The college approached him about a solo show, and “Calumet in Dub” came from those discussions. In addition to the eight-speaker installations, different rooms showcase Long’s process, data, inspiration and information about the communities along the Little Calumet River.
“The rest of the exhibition was developed to shed light on the significant research he undertakes to make this work,” said Cecilia Vargas, Columbia’s director of exhibitions. “We wanted the audience to get a sense of the layered ideas, references and issues that are at play within the sound piece that is also titled ‘Calumet in Dub.’”
Following his research, Long brought recording equipment to Calumet Harbor, Steelworkers Park, Indian Ridge Marsh, Beaubien Woods and the Metropolitan Water Reclamation District’s Sidestream Elevated Pool Aeration Station. He looked at the landscape and listened deeply before turning on his recorder, trying to find the unique spaces of the area and their “signature sounds.”
“I definitely want those sounds to stick out and engage you,” Long said. “I was listening for what makes that area sound the way it does. What is unique to that area? How does sound define that area?”
He used a handheld recording device and an underwater microphone. He also employed a contact microphone, which — similar to a pickup on a guitar — registers vibrations.
“I’m hearing small things like anthills or bugs or movements of branches on trees or the movement of tall grasses in a prairie area,” Long said.

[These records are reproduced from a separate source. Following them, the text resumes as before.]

Lemma core_cone0 : core_cone C 0.
Proof. by move=> th Cth; apply: subset_closure; exists 0, th; rewrite scale0r. Qed.

Lemma core_coneZ t v : 0 <= t -> core_cone C v -> core_cone C (t *: v).
Proof.
move=> t0 Kv th Cth.
have cT : closed [set u | tangent_cone C th (t *: u)].
  apply: (@preimage_closed _ _ (fun u : 'rV[R]_n => t *: u)); last exact: closed_closure.
  by move=> u _; apply: continuousZ; [exact: cst_continuous | exact: cvg_id].
suff sub : tangent_cone C th `<=` [set u | tangent_cone C th (t *: u)].
  exact: sub (Kv th Cth).
rewrite {1}/tangent_cone closureE; apply: smallest_sub => //.
move=> _ [a [th0 [a0 [Cth0 ->]]]]; apply: subset_closure.
by exists (t * a), th0; rewrite mulr_ge0 // scalerA.
Qed.

Section ClosedConvex.
Hypotheses (C0 : C !=set0) (cC : closed C) (cvx : convex_set_rv C).

Lemma tangent_cone_dot_le0 x v : tangent_cone C (eproj C x) v ->
  dot (x - eproj C x) v <= 0.
Proof.
set p := eproj C x; rewrite /tangent_cone; set G := [set _ | _].
suff sub : closure G `<=` [set u | dot (x - p) u <= 0] by exact: sub.
rewrite closureE; apply: smallest_sub.
  apply: (@preimage_closed _ _ (dot (x - p)) [set r | r <= 0]); last exact: closed_le.
  by move=> u _; exact: dot_continuous.
move=> _ [a [th [a0 [Cth ->]]]] /=; rewrite dotZr mulr_ge0_le0 //.
exact: eproj_dot_le0.
Qed.

Lemma core_cone_dot_le0 x v : core_cone C v -> dot (x - eproj C x) v <= 0.
Proof. by move=> Kv; apply/tangent_cone_dot_le0/Kv; exact: (eprojP x C0 cC).1. Qed.

Lemma eproj_feas_dir p y : eproj (feas_dir C p) y = eproj C (y + p) - p.
Proof.
have F0 : feas_dir C p !=set0 by have [c Cc] := C0; exists (c - p), c.
have cF : closed (feas_dir C p).
  have -> : feas_dir C p = (+%R^~ p) @^-1` C.
    apply/seteqP; split => [_ [th Cth <-]|v Cv] /=; first by rewrite subrK.
    by exists (v + p); rewrite ?addrK.
  apply: preimage_closed => // u _.
  by apply: continuousD; [exact: cvg_id | exact: cst_continuous].
have [[c Cc <-] cmin] := eprojP y F0 cF.
congr (_ - _); apply/esym/eproj_unique => //; split => // q Cq.
by have := cmin (q - p) (ex_intro2 _ _ q Cq erefl); rewrite !opprB !addrA.
Qed.

End ClosedConvex.
End CoreCone.

Section ConeProjection.
Variables (R : realType) (n : nat) (K : set 'rV[R]_n).
Hypotheses (cK : closed K) (K0 : K 0)
  (KZ : forall t v, 0 <= t -> K v -> K (t *: v)).
Implicit Types (z k : 'rV[R]_n) (s : R).
Local Notation PK := (eproj K).

(* K need not be convex: [PK z] is just some nearest point of K. *)
Let proj_cone z : is_proj K z (PK z) := eprojP z (ex_intro _ 0 K0) cK.
(* Let $\mathcal{A}$ be a deterministic, singly-initiated, event-driven distributed protocol that correctly identifies the bridges of every connected graph. Then for every connected graph $G=(V,E)$, the execution of $\mathcal{A}$ on $G$ sends at least $|E|$ messages and takes at least $\mathrm{Diam}(G)/2$ time.
   Context: Network model: a connected undirected graph $G=(V,E)$ whose nodes are processors and whose edges are two-way communication links; each node initially knows only its own identity and its incident links (not the rest of the graph). Singly-initiated means exactly one node begins computing spontaneously; event-driven means every other node performs no action (in particular sends no message) before it has received a message. An edge is a bridge if its deletion disconnects $G$. ''Correctly identifies the bridges'' means that at termination every edge has been correctly classified as a bridge or non-bridge. $\mathrm{Diam}(G)$ is the maximum distance between two vertices of $G$; time is measured in synchronous rounds. *)

(* A synchronous message-passing model (KT0: each node knows
   its identity and its incident links, as port numbers 0..deg-1). *)
From mathcomp Require Import all_boot.
Set Implicit Arguments. Unset Strict Implicit. Unset Printing Implicit Defensive.

Section Graphs.
Variable V : finType.
Implicit Types (adj : rel V).

Definition connected_graph adj := forall x y : V, connect adj x y.

Definition del_edge adj (u v : V) : rel V :=
  fun x y => adj x y && ~~ (((x == u) && (y == v)) || ((x == v) && (y == u))).

Definition is_bridge adj (u v : V) : bool :=
  adj u v && ~~ [forall x, forall y, connect (del_edge adj u v) x y].

(* the edge set E as a set of 2-element vertex sets; |E| = nedges *)
Definition edge_set adj : {set {set V}} :=
  [set E : {set V} | [exists x, exists y, adj x y && (E == [set x; y])]].
Definition nedges adj : nat := #|edge_set adj|.

Definition walk_of_length adj (x y : V) (n : nat) : bool :=
  [exists p : n.-tuple V, path adj x p && (last x p == y)].

Definition is_dist adj (x y : V) (d : nat) : Prop :=
  walk_of_length adj x y d /\ forall n, n < d -> ~~ walk_of_length adj x y n.

Definition is_diam adj (D : nat) : Prop :=
  (exists x y, is_dist adj x y D) /\
  forall x y d, is_dist adj x y d -> d <= D.
End Graphs.

(* A network: graph, node identities, local port numbering (nbr v lists the
   neighbours of v; port i of v is the link to nth v (nbr v) i), and the
   unique initiator. *)
Record network (V : finType) := Network {
  adj : rel V;
  ident : V -> nat;
  nbr : V -> seq V;
  initiator : V
}.

Definition valid_network (V : finType) (N : network V) : Prop :=
  symmetric (adj N) /\ irreflexive (adj N) /\ connected_graph (adj N) /\
  injective (ident N) /\
  (forall v, uniq (nbr N v) /\ forall w, (w \in nbr N v) = adj N v w).

(* A deterministic protocol: a node's local state is initialised from
   (is-initiator flag, own identity, own degree); in every round a node that
   is awake and not halted maps (state, messages received on each port) to
   (new state, message to send on each port).  Halted states are final;
   poutput s i says whether the link at port i is classified as a bridge. *)
Record protocol := Protocol {
  pstate : Type;
  pmsg : Type;
  pinit : bool -> nat -> nat -> pstate;
  pstep : pstate -> (nat -> option pmsg) -> pstate * (nat -> option pmsg);
  phalted : pstate -> bool;
  poutput : pstate -> nat -> bool
}.

Section Exec.
Variables (A : protocol) (V : finType) (N : network V).

Definition deg (v : V) : nat := size (nbr N v).

Definition msgs := V -> nat -> option (pmsg A).

Definition inbox (sent : msgs) (v : V) : nat -> option (pmsg A) :=
  fun i => if i < deg v then
             let w := nth v (nbr N v) i in sent w (index v (nbr N w))
           else None.

Definition restrict (v : V) (m : nat -> option (pmsg A)) : nat -> option (pmsg A) :=
  fun i => if i < deg v then m i else None.

(* One synchronous round at node v.  [None] = asleep (has not yet acted).
   Event-driven: an asleep node does nothing until it receives a message;
   it then wakes up (non-initiator initial state) and processes it. *)
Definition node_round (v : V) (prev : option (pstate A))
    (inb : nat -> option (pmsg A)) : option (pstate A) * (nat -> option (pmsg A)) :=
  match prev with
  | Some s =>
      if phalted s then (Some s, fun _ => None)
      else let sm := pstep s inb in (Some sm.1, restrict v sm.2)
  | None =>
      if has (fun i => isSome (inb i)) (iota 0 (deg v)) then
        let sm := pstep (pinit A false (ident N v) (deg v)) inb in
        (Some sm.1, restrict v sm.2)
      else (None, fun _ => None)
  end.

(* singly initiated: only the initiator is awake before round 0 *)
Definition prev0 (v : V) : option (pstate A) :=
  if v == initiator N then Some (pinit A true (ident N v) (deg v)) else None.

(* exec r = (states after round r, messages sent during round r) *)
Fixpoint exec (r : nat) : (V -> option (pstate A)) * msgs :=
  match r with
  | 0 => (fun v => (node_round v (prev0 v) (fun _ => None)).1,
          fun v => (node_round v (prev0 v) (fun _ => None)).2)
  | r'.+1 => let c := exec r' in
          (fun v => (node_round v (c.1 v) (inbox c.2 v)).1,
           fun v => (node_round v (c.1 v) (inbox c.2 v)).2)
  end.

(* number of messages sent during rounds 0..T *)
Definition msg_count (T : nat) : nat :=
  \sum_(r < T.+1) \sum_(v : V)
     count (fun i => isSome ((exec r).2 v i)) (iota 0 (deg v)).

Definition terminated (T : nat) : Prop :=
  forall v, exists s, (exec T).1 v = Some s /\ phalted s.

Definition outputs_correct (T : nat) : Prop :=
  forall v s, (exec T).1 v = Some s ->
    forall i, i < deg v -> poutput s i = is_bridge (adj N) v (nth v (nbr N v) i).
End Exec.

(* A correctly identifies the bridges of every connected graph (for every
   identity assignment, port numbering and choice of initiator). *)
Definition identifies_bridges (A : protocol) : Prop :=
  forall (V : finType) (N : network V), valid_network N ->
    exists T, terminated A N T /\ outputs_correct A N T.

From mathcomp Require Import all_boot.
From Stdlib Require Import FunctionalExtensionality.
Set Implicit Arguments. Unset Strict Implicit. Unset Printing Implicit Defensive.

(* Waking up spreads at most one link per round and a terminated execution has
   woken every node, so every node is within distance T of the initiator and
   Diam(G) <= 2T.

   For the message bound, suppose some edge uv carries no message in either
   direction.  If uv is a bridge, the side of uv away from the initiator is
   never woken, contradicting termination.  Otherwise take two copies of the
   network and rewire uv to cross between them.  The result is a valid
   connected network; the copy holding the initiator cannot detect the
   rewiring, since nothing is ever sent over uv, so it replays the original
   execution, and the other copy never receives a message.  Hence the
   protocol does not terminate there.  So every edge carries a message by round T. *)

Section Walks.
Variables (V : finType) (e : rel V).

Lemma walk_of_lengthP x y n :
  reflect (exists2 p : seq V, size p = n & path e x p && (last x p == y))
          (walk_of_length e x y n).
Proof.
apply: (iffP existsP) => [[p Hp] | [p Hsize Hp]]; first by exists p; rewrite ?size_tuple.
by rewrite -Hsize; exists (in_tuple p).
Qed.

Lemma walk_of_length0 x : walk_of_length e x x 0.
Proof. by apply/walk_of_lengthP; exists [::]; rewrite /= ?eqxx. Qed.

Lemma walk_of_length1 x y : e x y -> walk_of_length e x y 1.
Proof. by move=> Hxy; apply/walk_of_lengthP; exists [:: y]; rewrite /= ?Hxy ?eqxx. Qed.

Lemma walk_of_length_cat x y z m n :
  walk_of_length e x y m -> walk_of_length e y z n -> walk_of_length e x z (m + n).
Proof.
move=> /walk_of_lengthP [p <- /andP [Hp /eqP Hpy]] /walk_of_lengthP [q <- Hq].
by apply/walk_of_lengthP; exists (p ++ q); rewrite ?size_cat // cat_path last_cat Hp Hpy.
Qed.

Lemma walk_of_length_sym x y n :
  symmetric e -> walk_of_length e x y n -> walk_of_length e y x n.
Proof.
move=> Hsym /walk_of_lengthP [p <- /andP [Hp /eqP <-]].
apply/walk_of_lengthP; exists (rev (belast x p)); first by rewrite size_rev size_belast.
have Hrev : (fun z => e^~ z) =2 e by move=> ? ?; apply: Hsym.
rewrite rev_path (eq_path Hrev) Hp /=.
by rewrite -(last_cons x) -rev_rcons -lastI rev_cons last_rcons.
Qed.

Some of the sounds were manipulated, mixing certain elements together, Long said. Electronic sounds and music were generated from the data sets such as pollution levels he acquired from MWRD to complement and reinforce the recordings.

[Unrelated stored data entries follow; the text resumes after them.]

Lemma symp_polar_range_area_ge3 (T : finType) (w : T -> R * R) :
  (forall s, exists t, w t = - w s) ->
  (forall s t, det2 (w s) (w t) <= 1) ->
  (exists s t, det2 (w s) (w t) != 0) ->
  (3%:E <= area (symp_polar (range w)))%E.
Proof.
move=> wN wdet [s [t st]].
pose F (i : T * T * T) := sym_hexagon_area (w i.1.1) (w i.1.2) (w i.2).
have [[[s0 s1] s2] _ Fmax] := @arg_maxP _ R _ (s, s, s) xpredT F isT.
have {Fmax} wmax u0 u1 u2 :
    sym_hexagon_area (w u0) (w u1) (w u2) <= sym_hexagon_area (w s0) (w s1) (w s2).
  exact: (Fmax (u0, u1, u2)).
have S_gt0 : 0 < sym_hexagon_area (w s0) (w s1) (w s2).
  have := wmax s t t; have := wmax t s s.
  rewrite /sym_hexagon_area !det2xx (det2C (w s) (w t)).
  by move: st; rewrite neq_lt => /orP[]; lra.
(* Degenerate competitors give 2 d_i <= d0 + d1 + d2. *)
have := wmax s0 s1 s1; have := wmax s1 s1 s2; have := wmax s0 s0 s2.
move: S_gt0; rewrite /sym_hexagon_area !det2xx => S_gt0 d2_le d1_le d0_le.
have wsym y : range w y -> range w (- y).
  by case=> u _ <-; have [u' wu'] := wN u; exists u'.
have Kw u : symp_polar (range w) (w u) by move=> _ [v _ <-]; exact: wdet.
apply: (@hexagon_area_ge3 _ (w s0) (w s1) (w s2)); try lra; try exact: Kw.
- apply: measurable_symp_polar; exact: measurable_polar_range.
- exact: symp_polar_tri.
- by move=> z; apply: symp_polarN wsym.
- apply: symp_polar_apex; first lra.
  by move=> _ [u _ <-]; have := wmax s0 s1 u; rewrite /sym_hexagon_area; lra.
- apply: symp_polar_apex; first lra.
  move=> _ [u _ <-]; have [u' wu'] := wN u; have := wmax u' s1 s2.
  by rewrite /sym_hexagon_area wu' !det2Nl !(det2C _ (w u)); lra.
- apply: symp_polar_apex; first lra.
  move=> _ [u _ <-]; have [u' wu'] := wN u; have := wmax s0 u' s2.
  by rewrite /sym_hexagon_area wu' !det2Nl !det2Nr !(det2C _ (w u)); lra.
Qed.
(* Let $\mathbb{G}$ be an undirected, unweighted random network model which is strongly idemetric (SI) and uniformly sparse (US). Then $\mathbb{G}$ is a weak ball expander (PUMP).
   Context: A random network model $\mathbb{G}$ assigns to every $n\in\mathbb{N}$ a probability distribution over graphs with $n$ nodes; $G_n$ denotes a graph sampled from it. $d(u,v)$ is the graph distance (length of a shortest path, $\infty$ if none). For a node $u$, $B_u(r)$ is the set of nodes at distance at most $r$ from $u$, and $\overline{B_u(r)}$ its complement. For node sets $X,Y$, $e(X,Y)$ is the number of edges with one endpoint in $X$ and one in $Y$. PUMP: for every $0<\epsilon<\tfrac12$ there exists $\alpha_\epsilon>0$ such that for all sufficiently large $n$, if $u$ is chosen uniformly at random from $G_n$ then with probability $>1-\epsilon$ both (i) there exists $r$ with $|B_u(r)|\ge \epsilon n$, and (ii) for all $r$ with $\epsilon n\le |B_u(r)|\le (1-\epsilon)n$, $e(B_u(r),\overline{B_u(r)})\ge \alpha_\epsilon |B_u(r)|$. US: for each $\epsilon>0$ there is a constant $C_\epsilon$ such that for all sufficiently large $n$, with probability at least $1-\epsilon$, for any set of $y\ge\epsilon n$ edges of $G_n$ every node cover (set of nodes meeting every edge of the set) has size at least $y/C_\epsilon$. SI: there exist a finite-valued function $f$ and, for each $\epsilon>0$, a bound $b_\epsilon$ independent of $n$, such that for all sufficiently large $n$, if $u,v$ are chosen uniformly at random from $G_n$ then $|f(n)-d(u,v)|<b_\epsilon$ with probability $>1-\epsilon$. *)

From HB Require Import structures.
From mathcomp Require Import all_boot all_order all_algebra.
From mathcomp Require Import boolp reals.
Set Implicit Arguments. Unset Strict Implicit. Unset Printing Implicit Defensive.
Import Order.TTheory GRing.Theory Num.Theory.
Local Open Scope ring_scope.

Definition graph (n : nat) := {ffun 'I_n -> {set 'I_n}}.

Definition simple_graph n (g : graph n) : bool :=
  [forall u, u \notin g u] && [forall u, forall v, (v \in g u) == (u \in g v)].

Fixpoint ball n (g : graph n) (u : 'I_n) (r : nat) : {set 'I_n} :=
  match r with
  | 0 => [set u]
  | r'.+1 => ball g u r' :|: \bigcup_(w in ball g u r') g w
  end.

Definition dist_is n (g : graph n) (u v : 'I_n) (k : nat) : Prop :=
  v \in ball g u k /\ (forall j, (j < k)%N -> v \notin ball g u j).

(* e(X, complement X): edges with one endpoint in X and the other in Y
   (counted as ordered pairs (x,y), x in X, y in Y; exact for disjoint X, Y). *)
Definition e_between n (g : graph n) (X Y : {set 'I_n}) : nat :=
  #|[set p : 'I_n * 'I_n | [&& p.1 \in X, p.2 \in Y & p.2 \in g p.1]]|.

Definition is_edge n (g : graph n) (e : {set 'I_n}) : bool :=
  [exists a, exists b, (e == [set a; b]) && (b \in g a) && (a != b)].

Definition node_cover n (S : {set {set 'I_n}}) (X : {set 'I_n}) : bool :=
  [forall e in S, ~~ [disjoint e & X]].

Record random_model (R : realType) := RandomModel {
  Pr : forall n, {ffun graph n -> R};
  Pr_ge0 : forall n g, 0 <= Pr n g;
  Pr_sum1 : forall n, \sum_(g : graph n) Pr n g = 1;
  Pr_simple : forall n (g : graph n), 0 < Pr n g -> simple_graph g
}.

Definition prob_graph R (M : random_model R) n (E : graph n -> Prop) : R :=
  \sum_(g : graph n) Pr M n g * (`[< E g >])%:R.

Definition prob_node R (M : random_model R) n (E : graph n -> 'I_n -> Prop) : R :=
  \sum_(g : graph n) Pr M n g * (#|[set u | `[< E g u >]]|%:R / n%:R).

Definition prob_pair R (M : random_model R) n
    (E : graph n -> 'I_n -> 'I_n -> Prop) : R :=
  \sum_(g : graph n) Pr M n g *
    (#|[set p : 'I_n * 'I_n | `[< E g p.1 p.2 >]]|%:R / (n * n)%:R).

Definition SI R (M : random_model R) : Prop :=
  exists f : nat -> R, forall eps : R, 0 < eps ->
    exists b : R, exists N : nat, forall n, (N <= n)%N ->
      prob_pair M (n:=n) (fun g u v => exists k, dist_is g u v k /\ `|f n - k%:R| < b)
        > 1 - eps.

Definition US R (M : random_model R) : Prop :=
  forall eps : R, 0 < eps ->
    exists C : R, 0 < C /\ exists N : nat, forall n, (N <= n)%N ->
      prob_graph M (n:=n) (fun g => forall S : {set {set 'I_n}},
          (forall e, e \in S -> is_edge g e) ->
          eps * n%:R <= #|S|%:R ->
          forall X : {set 'I_n}, node_cover S X -> #|S|%:R / C <= #|X|%:R)
        >= 1 - eps.

Definition PUMP R (M : random_model R) : Prop :=
  forall eps : R, 0 < eps -> eps < 2^-1 ->
    exists alpha : R, 0 < alpha /\ exists N : nat, forall n, (N <= n)%N ->
      prob_node M (n:=n) (fun g u =>
          (exists r, eps * n%:R <= #|ball g u r|%:R) /\
          (forall r, eps * n%:R <= #|ball g u r|%:R ->
                     #|ball g u r|%:R <= (1 - eps) * n%:R ->
                     alpha * #|ball g u r|%:R <= (e_between g (ball g u r) (~: ball g u r))%:R))
        > 1 - eps.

Vargas said it all comes together for a unique experience that is engaging, showcases a Chicago artist and brings light to different artistic practices.
“Galleries predominantly show visual works, and the Glass Curtain Gallery is no different,” she said. “We are absolutely thrilled to help present Norman’s sound work that creates a very different experience. The main space in the gallery is mostly activated through the sound installation and therefore results in a visually minimal presentation. The gallery is filled with sound, and every time I walk through it my experience is different.”

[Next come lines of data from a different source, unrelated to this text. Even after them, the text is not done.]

Definition induced (V : finType) (G : ecdigraph V) (A : {set V}) :
  ecdigraph {x : V | x \in A} :=
  @ECDigraph _ (fun a b => edge G (val a) (val b))
               (fun a => edge_noloop G (val a)).

(* A is the vertex set of a {->,=>}-induced subdigraph. *)
Definition arrow_closed (V : finType) (G : ecdigraph V) (A : {set V}) : bool :=
  [forall a, forall b, (a \in A) &&
    (match edge G a b with Some Solid | Some Double => true | _ => false end)
    ==> (b \in A)].

(* The coefficient of x^mx y^my in X_G(x, y) counts proper colourings of G
   with content mx ++ my, the colours of mx lying below those of my.  The
   vertices A receiving upper colours are closed under solid and double edges,
   and the colouring is the gluing of a proper colouring of G|_(V - A) with
   content mx and one of G|_A with content my.  Conversely such a pair always
   glues to a proper colouring: an edge between the two parts either goes
   upwards, which every edge type allows, or is a dashed edge out of A.
   Quasisymmetry holds because properness only sees the relative order of the
   colours, so an empty colour class can be deleted without changing the
   count. *)

From Pilot Require Import Defs.
From mathcomp Require Import all_boot zify.
Set Implicit Arguments. Unset Strict Implicit. Unset Printing Implicit Defensive.
Lemma conv_on_mr_inf_fibre_nat n : finite_set (fibre f B (mr_nat A n)).
Proof.
apply: sub_finite_set (fBi (open_mr_inf_nbhs HA (finite_set0 A) (finite_set1 n)) (or_introl erefl)).
by move=> m [Bm fm]; split=> //; rewrite fm => -[//|[[a //]|[k [<-] [nk _]]]]; exact: nk.
Qed.

Lemma conv_on_mr_inf_fibre_pt a : finite_set (fibre f B (mr_pt a)).
Proof.
have oU := open_mr_inf_nbhs HA (finite_set1 a) (finite_set0 nat).
apply: sub_finite_set (fBi oU (or_introl erefl)).
by move=> m [Bm fm]; split=> //; rewrite fm => -[//|[[b /mr_pt_inj<-]|[k //]]]; exact.
Qed.

Lemma conv_on_mr_inf_trace (a : A) :
  finite_set [set m | B m /\ exists2 n, f m = mr_nat A n & val a n].
Proof.
have oU := open_mr_inf_nbhs HA (finite_set1 a) (finite_set0 nat).
apply: sub_finite_set (fBi oU (or_introl erefl)).
move=> m [Bm [n fm an]]; split=> //; rewrite fm => -[//|[[b //]|[k [<-] [_ /(_ a)]]]].
exact.
Qed.

End ConvInf.

Lemma conv_on_mr_nat n : conv_on f B (mr_nat A n) ->
  finite_set [set m | B m /\ f m <> mr_nat A n].
Proof. by move=> fBn; apply: sub_finite_set (fBn _ (open_mr_nat n) erefl) => m []. Qed.

End MrowkaConvergence.

Section InfiniteAD.
Hypotheses (HA : AD_family A) (Ainf : ~ finite_set A).

Lemma AD_member_notin (G : set A) : finite_set G -> exists a : A, ~ G a.
Proof.
move=> fG; apply: contrapT => /forallNP nG; apply: Ainf.
apply: sub_finite_set (finite_image val fG) => x Ax.
by exists (SigSub (mem_set Ax)) => //; exact: contrapT.
Qed.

Long also records music, performs and tours, but he said exhibits such as “Calumet in Dub” allow him to venture down new artistic paths. They definitely take longer: He worked for nearly half a year to put together Calumet in Dub. But that him more time to experiment, as well as be patient and critical, he said.
“I can be a little more patient with my own particular idiosyncrasies and things like that,” he said. “It allows me to explore sounds a little bit more, or techniques … or new equipment.”
That includes a new device called PlantWave, which purports to turn the biorhythms of plants into music.
“Now, I’m thinking about how I’m designing sound that’s going to be put in a space that would immerse people, that would give people a sense of space or weight or something like that,” Long said.
He’ll give interested patrons a personal sense of the installation from 5 to 6:30 p.m. Jan. 31, when he presents an artist talk at the Glass Curtain Gallery, 1104 S. Wabash Ave., Floor 1, in Chicago. A viewing of the exhibition will take place for the first half-hour, followed by an hourlong talk in the Conaway Center next to the gallery. A closing reception and catalog release party are slated for 5 to 7 p.m. Feb. 16 with planned experimental performances with Allen Moore (electronics) and Aquarius Aquarius (voice and movement). More information is at colum.edu/long.
Bill Jones is a freelance reporter for the Daily Southtown.